* Exercise
Retype exactly the lines that run from the line with "Lemma near0_witness P" to the final line of the entries, keeping both ends and nothing else.

* Exercise materials
(* Let $B\ge1$, $G=\{0,\frac1B,\dots,1\}$, $t\in G$ and $\eta\in(0,t)$. Any $f^*\in\mathcal U_\eta$ that maximises $\mathcal T_t$ over $\mathcal U_\eta$ satisfies: (i) $\mathcal E(f^* )=\eta$; (ii) writing $i_M:=B\max(\mathrm{supp}(f^* ))$, either (a) $f^*_0>f^*_1=f^*_2=\dots=f^*_{i_M-1}\ge f^*_{i_M}$, or (b) $i_M=Bt$ and $f^*_0=f^*_1=\dots=f^*_{i_M-1}\le f^*_{i_M}$.
   Context: Identify a probability mass function $f$ on $G$ with $(f_0,\dots,f_B)$, $f_i=f(i/B)$. Let $\mathcal T_t(f)=\sum_{i\ge Bt}f_i$, $\mathcal E(f)=\sum_{i=1}^B\frac iBf_i$ and $\mathrm{supp}(f)=\{i/B\in G:f_i>0\}$. $f$ is unimodal if there is $m$ with $f_0\le\dots\le f_m$ and $f_m\ge\dots\ge f_B$. $\mathcal U$ is the set of unimodal probability mass functions on $G$ and $\mathcal U_\eta=\{f\in\mathcal U:\mathcal E(f)\le\eta\}$. *)

(* A pmf on G = {0, 1/B, ..., 1} is f : 'I_B.+1 -> R with f i = f(i/B). *)
From HB Require Import structures.
From mathcomp Require Import all_boot all_order all_algebra.
From mathcomp Require Import reals.
Set Implicit Arguments. Unset Strict Implicit. Unset Printing Implicit Defensive.
Import Order.TTheory GRing.Theory Num.Theory.
Local Open Scope ring_scope.

Section Defs.
Variable R : realType.
Variable B : nat.

Definition fat (f : 'I_B.+1 -> R) (i : nat) : R := f (inord i).

Definition is_pmf (f : 'I_B.+1 -> R) : Prop :=
  (forall i, 0 <= f i) /\ \sum_(i < B.+1) f i = 1.

(* T_t(f) for t = k/B : sum of f_i over i >= B t = k *)
Definition tailT (k : nat) (f : 'I_B.+1 -> R) : R :=
  \sum_(i < B.+1 | (k <= i)%N) f i.

Definition expE (f : 'I_B.+1 -> R) : R :=
  \sum_(i < B.+1 | (1 <= i)%N) (i%:R / B%:R) * f i.

Definition iM (f : 'I_B.+1 -> R) : nat := (\max_(i < B.+1 | (0 < f i)%R) (i : nat))%N.

Definition unimodal (f : 'I_B.+1 -> R) : Prop :=
  exists m : nat, (m <= B)%N /\
    (forall i : nat, (i < m)%N -> fat f i <= fat f i.+1) /\
    (forall i : nat, (m <= i)%N -> (i < B)%N -> fat f i.+1 <= fat f i).

Definition in_U (f : 'I_B.+1 -> R) : Prop := is_pmf f /\ unimodal f.

Definition in_U_eta (eta : R) (f : 'I_B.+1 -> R) : Prop := in_U f /\ expE f <= eta.

End Defs.

(* The argument is a first-order optimality argument. If f is a unimodal pmf
   with mode m and d is a direction of total mass 0 that respects the zeros and
   the flat steps of f, then f + x d is still a unimodal pmf with mode m for all
   small x > 0. Hence a maximiser f of T_t admits no such direction that raises
   the tail while E(f) < eta, and none that keeps the tail and lowers the mean:
   f + x d would be another maximiser with mean below eta, which (i) excludes.
   (i) If E(f) < eta, move a little mass towards a mode m >= Bt, or, when every
   mode lies below Bt, towards the uniform law on the last constant run of f;
   both raise T_t, as T_t(f) < 1.
   (ii) Moving mass from b down to a < b lowers E and keeps T_t unless
   a < Bt <= b. Forbidding such shifts between suitable neighbouring indices
   forces the flat shape (b) when f has a mode >= Bt, and (a) otherwise. *)

From HB Require Import structures.
From mathcomp Require Import all_boot all_order all_algebra.
From mathcomp Require Import reals.
From mathcomp Require Import ring lra zify.
Import Order.TTheory GRing.Theory Num.Theory.
Local Open Scope ring_scope.
Set Implicit Arguments. Unset Strict Implicit. Unset Printing Implicit Defensive.

Section IntervalMonotone.
Variables (T : Type) (r : T -> T -> Prop).
Hypotheses (r_refl : forall x, r x x) (r_trans : forall y x z, r x y -> r y z -> r x z).

Lemma homo_leq_interval (u : nat -> T) a b :
  (forall i, (a <= i)%N -> (i < b)%N -> r (u i) (u i.+1)) ->
  forall i j, (a <= i)%N -> (i <= j)%N -> (j <= b)%N -> r (u i) (u j).
Proof.
move=> step i j ai ij jb.
apply: (@homo_leq_in T [pred n | a <= n <= b]%N u r r_refl r_trans) => //=.
- by move=> m n /andP[am _] /andP[_ nb] p /andP[mp pn]; apply/andP; lia.
- by move=> n /andP[an _] /andP[_ nb]; apply: step.
- by apply/andP; lia.
- by apply/andP; lia.
Qed.

End IntervalMonotone.

Lemma eq_interval (T : Type) (u : nat -> T) a b :
  (forall i, (a <= i)%N -> (i < b)%N -> u i = u i.+1) ->
  forall i, (a <= i)%N -> (i <= b)%N -> u a = u i.
Proof.
move=> step i ai ib.
exact: (@homo_leq_interval T eq (@erefl T) (fun y x z => @etrans T x y z) u a b step a i).
Qed.

Section NearZero.
Variable R : realFieldType.
Implicit Types (P Q : R -> Prop) (a b c d : R).

Definition near0 P := exists2 e : R, 0 < e & forall x, 0 < x -> x <= e -> P x.

Lemma near0_mono P Q : (forall x, 0 < x -> P x -> Q x) -> near0 P -> near0 Q.
Proof. by move=> PQ [e e0 He]; exists e => // x x0 xe; apply/PQ/He. Qed.

Lemma near0_and P Q : near0 P -> near0 Q -> near0 (fun x => P x /\ Q x).
Proof.
move=> [e1 e10 H1] [e2 e20 H2]; exists (Num.min e1 e2); first by rewrite lt_min e10 e20.
by move=> x x0; rewrite le_min => /andP[xe1 xe2]; split; [apply: H1 | apply: H2].
Qed.

Lemma near0_forall_ltn N (P : nat -> R -> Prop) :
  (forall i, (i < N)%N -> near0 (P i)) -> near0 (fun x => forall i, (i < N)%N -> P i x).
Proof.
elim: N => [|N IH] HP; first by exists 1 => // x _ _ i.
have [e e0 He] := near0_and (IH (fun i iN => HP i (ltnW iN))) (HP N (ltnSn N)).
exists e => // x x0 xe i; rewrite ltnS leq_eqVlt => /orP[/eqP->|iN].
  exact: (He x x0 xe).2.
exact: (He x x0 xe).1.
Qed.

Lemma near0_imply (b : bool) P : (b -> near0 P) -> near0 (fun x => b -> P x).
Proof. by case: b => [/(_ isT)|_]; [apply: near0_mono | exists 1]. Qed.

Lemma near0_le_affine a b c d : a <= c -> (a = c -> b <= d) ->
  near0 (fun x => a + x * b <= c + x * d).
Proof.
move=> ac eq_bd; have [bd|db] := leP b d.
  by exists 1 => // x x0 _; rewrite lerD // ler_wpM2l // ltW.
have {}ac : a < c by rewrite lt_neqAle ac andbT; apply/eqP => /eq_bd; rewrite leNgt db.
exists ((c - a) / (b - d)) => [|x x0]; first by rewrite divr_gt0 // subr_gt0.
rewrite ler_pdivlMr ?subr_gt0 //; lra.
Qed.

Lemma near0_witness P : near0 P -> exists2 x, 0 < x & P x.
Proof. by move=> [e e0 He]; exists e => //; apply: He. Qed.

End NearZero.

Section Unimodal.
Variables (R : realType) (B : nat).
Implicit Types (f : 'I_B.+1 -> R) (m : nat).

Lemma fat_val f (i : 'I_B.+1) : fat f i = f i.
Proof. by rewrite /fat inord_val. Qed.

* Output of the exercise
Lemma near0_witness P : near0 P -> exists2 x, 0 < x & P x.
Proof. by move=> [e e0 He]; exists e => //; apply: He. Qed.

End NearZero.

Section Unimodal.
Variables (R : realType) (B : nat).
Implicit Types (f : 'I_B.+1 -> R) (m : nat).

Lemma fat_val f (i : 'I_B.+1) : fat f i = f i.
Proof. by rewrite /fat inord_val. Qed.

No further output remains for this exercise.